Western History Association
- Formation: 1961
- Founder: Ray Allen Billington
- Founded at: Santa Fe, New Mexico, United States
- Type: NGO, Nonprofit
- Headquarters: Lawrence, Kansas
- Location: United States;
- Executive Director: Elaine Marie Nelson
- Main organ: The Western Historical Quarterly
- Website: https://www.westernhistory.org/

= Western History Association =

American historical society

The Western History Association (WHA), a 501(c)(3) non-profit organization, was founded in 1961 at Santa Fe, New Mexico by Ray Allen Billington, et al. Included in the field of study are the American West and western Canada. The Western History Association was headquartered from 2012 to 2017 at the University of Alaska, Fairbanks. From 2018 to 2020 the WHA was hosted on the campus of the University of Nebraska at Omaha. In 2020, the WHA relocated to the Department of History at the University of Kansas, where it receives support from the College of Liberal Arts and Sciences.

== History ==
In 1964 WHA began publication at the University of Utah Press, with a full run of four issues, and then in 1965 contracted Sunset publishing to print the quarterly called Nebraska, edited by A. R. Mortensen. The WHA's publications now include the Western Historical Quarterly. The association offers several annual and biennial prizes for essays and books, including the annual Caughey Western History Association Prize for the best book of the year in Western History and the Robert M. Utley Book Prize for the best book published on the military history of the frontier and western North America (including Mexico and Canada) from prehistory through the 20th century. Awarded since 2003, past recipients include Ned Blackhawk, Amy S. Greenberg and Ari Kelman.

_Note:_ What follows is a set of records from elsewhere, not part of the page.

(* Let $g \geq 3$ be an odd integer. If $G$ is a graph on $n$ vertices whose girth is $g$ or $g+1$, then $$P(G,m) - P_{DP}(G,m) = O(m^{n-g}) \quad \text{as } m \to \infty.$$ Consequently, for every graph $M$, $$P(M,m) - P_{DP}(M,m) = O(m^{|V(M)|-3}) \quad \text{as } m \to \infty.$$
   Context: All graphs are finite and simple. The girth of a graph is the length of a shortest cycle (infinite if the graph is acyclic). For $m \in \mathbb{N}$, $[m]=\{1,\dots,m\}$, and $P(G,m)$ (the chromatic polynomial) is the number of proper colorings $V(G) \to [m]$. For $S,U \subseteq V(H)$, $E_H(S,U)$ is the set of edges of $H$ with one endpoint in $S$ and the other in $U$. A cover of a graph $G$ is a pair $\mathcal{H}=(L,H)$ where $H$ is a graph and $L: V(G)\to \mathcal{P}(V(H))$ satisfies: (1) $\{L(u): u\in V(G)\}$ is a partition of $V(H)$; (2) for each $u \in V(G)$, $H[L(u)]$ is complete; (3) if $E_H(L(u),L(v))\neq\emptyset$ then $u=v$ or $uv\in E(G)$; (4) if $uv \in E(G)$ then $E_H(L(u),L(v))$ is a matching (possibly empty). The cover is $m$-fold if $|L(u)|=m$ for all $u\in V(G)$. An $\mathcal{H}$-coloring of $G$ is an independent set $I$ of $H$ with $|I|=|V(G)|$ (equivalently, an independent set with $|I\cap L(u)|=1$ for every $u$). $P_{DP}(G,\mathcal{H})$ is the number of $\mathcal{H}$-colorings of $G$, and the DP color function is $P_{DP}(G,m)=\min P_{DP}(G,\mathcal{H})$, the minimum over all $m$-fold covers $\mathcal{H}$ of $G$, for $m\in\mathbb{N}$. *)

From mathcomp Require Import all_boot boolp.
Set Implicit Arguments. Unset Strict Implicit. Unset Printing Implicit Defensive.

(* A finite simple graph G is a vertex type V : finType with an adjacency
   relation e : rel V that is symmetric and irreflexive (hypotheses in the
   theorem). *)

Section Graphs.
Variable V : finType.
Variable e : rel V.

Definition is_cycle (c : seq V) : Prop := [/\ 3 <= size c, uniq c & cycle e c].

Definition girth_is (g : nat) : Prop :=
  (exists c, is_cycle c /\ size c = g) /\ (forall c, is_cycle c -> g <= size c).

Definition proper_coloring (m : nat) (f : {ffun V -> 'I_m}) : bool :=
  [forall u, forall v, e u v ==> (f u != f v)].

Definition chrom (m : nat) : nat := #|[set f : {ffun V -> 'I_m} | proper_coloring f]|.

Definition is_mfold_cover (m : nat) (HT : finType) (h : rel HT)
    (L : V -> {set HT}) : Prop :=
  symmetric h /\ irreflexive h /\
   (forall x : HT, exists u, x \in L u) /\
   (forall u v, u != v -> [disjoint L u & L v]) /\
   (forall u x y, x \in L u -> y \in L u -> x != y -> h x y) /\
   (forall u v x y, x \in L u -> y \in L v -> h x y -> u = v \/ e u v) /\
   (forall u v, e u v ->
      (forall x y y', x \in L u -> y \in L v -> y' \in L v ->
                      h x y -> h x y' -> y = y') /\
      (forall x x' y, x \in L u -> x' \in L u -> y \in L v ->
                      h x y -> h x' y -> x = x')) /\
   (forall u, #|L u| = m).

Definition independent (HT : finType) (h : rel HT) (I : {set HT}) : bool :=
  [forall x in I, forall y in I, ~~ h x y].

Definition num_cover_colorings (HT : finType) (h : rel HT) : nat :=
  #|[set I : {set HT} | independent h I && (#|I| == #|V|)]|.

Definition dp_achievable (m k : nat) : Prop :=
  exists (HT : finType) (h : rel HT) (L : V -> {set HT}),
    is_mfold_cover m h L /\ num_cover_colorings h = k.

(* The DP color function: the minimum over all m-fold covers. (An m-fold
   cover always exists, so the default branch is never used.) *)
Definition P_DP (m : nat) : nat :=
  match pselect (exists k, `[< dp_achievable m k >]) with
  | left pf => ex_minn pf
  | right _ => 0
  end.

End Graphs.

Definition absdiff (a b : nat) : nat := (a - b) + (b - a).
(* Let $n\geq 2$, $p\geq 1$, and $$\Omega=\{(x',x_n)\in\mathbb R^{n-1}\times\mathbb R: |x'|<1,\ 0<x_n<1-|x'|^2\}.$$ Then there is a constant $C>0$ depending only on $n,p$ such that the function $$w(x',x_n)=Cx_n-Cx_n^{\frac{2}{n+p}}(1-|x'|^2)^{\frac{n+p-2}{n+p}}$$ is smooth and convex in $\Omega$ and satisfies $\det D^2 w\leq |w|^{-p}$ in $\Omega$ and $w=0$ on $\partial\Omega$. *)

From HB Require Import structures.
From mathcomp Require Import all_boot all_order all_algebra.
From mathcomp Require Import all_classical all_reals all_analysis.
Set Implicit Arguments. Unset Strict Implicit. Unset Printing Implicit Defensive.
Import Order.TTheory GRing.Theory Num.Theory.
Import numFieldNormedType.Exports.
Local Open Scope classical_set_scope.
Local Open Scope ring_scope.

(* Points of R^n are row vectors x : 'rV[R]_n, written x = (x', x_n) with
   x' = first n-1 coordinates and x_n the last coordinate. *)

Definition xlast (R : realType) (n : nat) (x : 'rV[R]_n) : R :=
  \sum_(i < n | ((i : nat) == n.-1)%N) x ord0 i.

Definition sqnorm' (R : realType) (n : nat) (x : 'rV[R]_n) : R :=
  \sum_(i < n | ((i : nat) < n.-1)%N) x ord0 i ^+ 2.

Definition Omega (R : realType) (n : nat) : set 'rV[R]_n :=
  [set x | sqnorm' x < 1 /\ 0 < xlast x /\ xlast x < 1 - sqnorm' x].

Definition bdry (R : realType) (n : nat) (A : set 'rV[R]_n) : set 'rV[R]_n :=
  closure A `\` interior A.

Definition wfun (R : realType) (n : nat) (p C : R) (x : 'rV[R]_n) : R :=
  C * xlast x
  - C * (xlast x `^ (2 / (n%:R + p)))
      * ((1 - sqnorm' x) `^ ((n%:R + p - 2) / (n%:R + p))).

Definition iterD (R : realType) (n : nat) (vs : seq 'rV[R]_n)
  (f : 'rV[R]_n -> R) : 'rV[R]_n -> R :=
  foldr (fun v g => 'D_v g) f vs.

Definition smooth_on (R : realType) (n : nat) (A : set 'rV[R]_n)
  (f : 'rV[R]_n -> R) : Prop :=
  forall vs : seq 'rV[R]_n, forall x, A x -> differentiable (iterD vs f) x.

Definition convex_on (R : realType) (n : nat) (A : set 'rV[R]_n)
  (f : 'rV[R]_n -> R) : Prop :=
  forall x y (t : R), A x -> A y -> 0 <= t <= 1 ->
    f (t *: x + (1 - t) *: y) <= t * f x + (1 - t) * f y.

Definition evec (R : realType) (n : nat) (i : 'I_n) : 'rV[R]_n :=
  delta_mx ord0 i.

Definition hessian (R : realType) (n : nat) (f : 'rV[R]_n -> R)
  (x : 'rV[R]_n) : 'M[R]_n :=
  \matrix_(i < n, j < n) ('D_(evec R i) ('D_(evec R j) f)) x.

From HB Require Import structures.
From mathcomp Require Import all_boot all_order all_algebra.
From mathcomp Require Import all_classical all_reals all_analysis.
From mathcomp.algebra_tactics Require Import ring lra.
Import Order.TTheory GRing.Theory Num.Theory.
Import numFieldNormedType.Exports.
Local Open Scope classical_set_scope.
Local Open Scope ring_scope.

The Autry Public History Prize is awarded annually for a media exhibit, public program, or written work that best models professional public history practice in the history of the American West.

== The Western Historical Quarterly ==
The Western Historical Quarterly (WHQ) has been the official journal of the WHA since its founding in 1969. The journal now "presents original articles dealing with the North American West—expansion and colonization, indigenous histories, regional studies (including western Canada, northern Mexico, Alaska, and Hawaii), and transnational, comparative, and borderland histories." In addition, it provides a field notes section about Western history in applied situations, as well as book reviews, and notices of recent publications about the American West.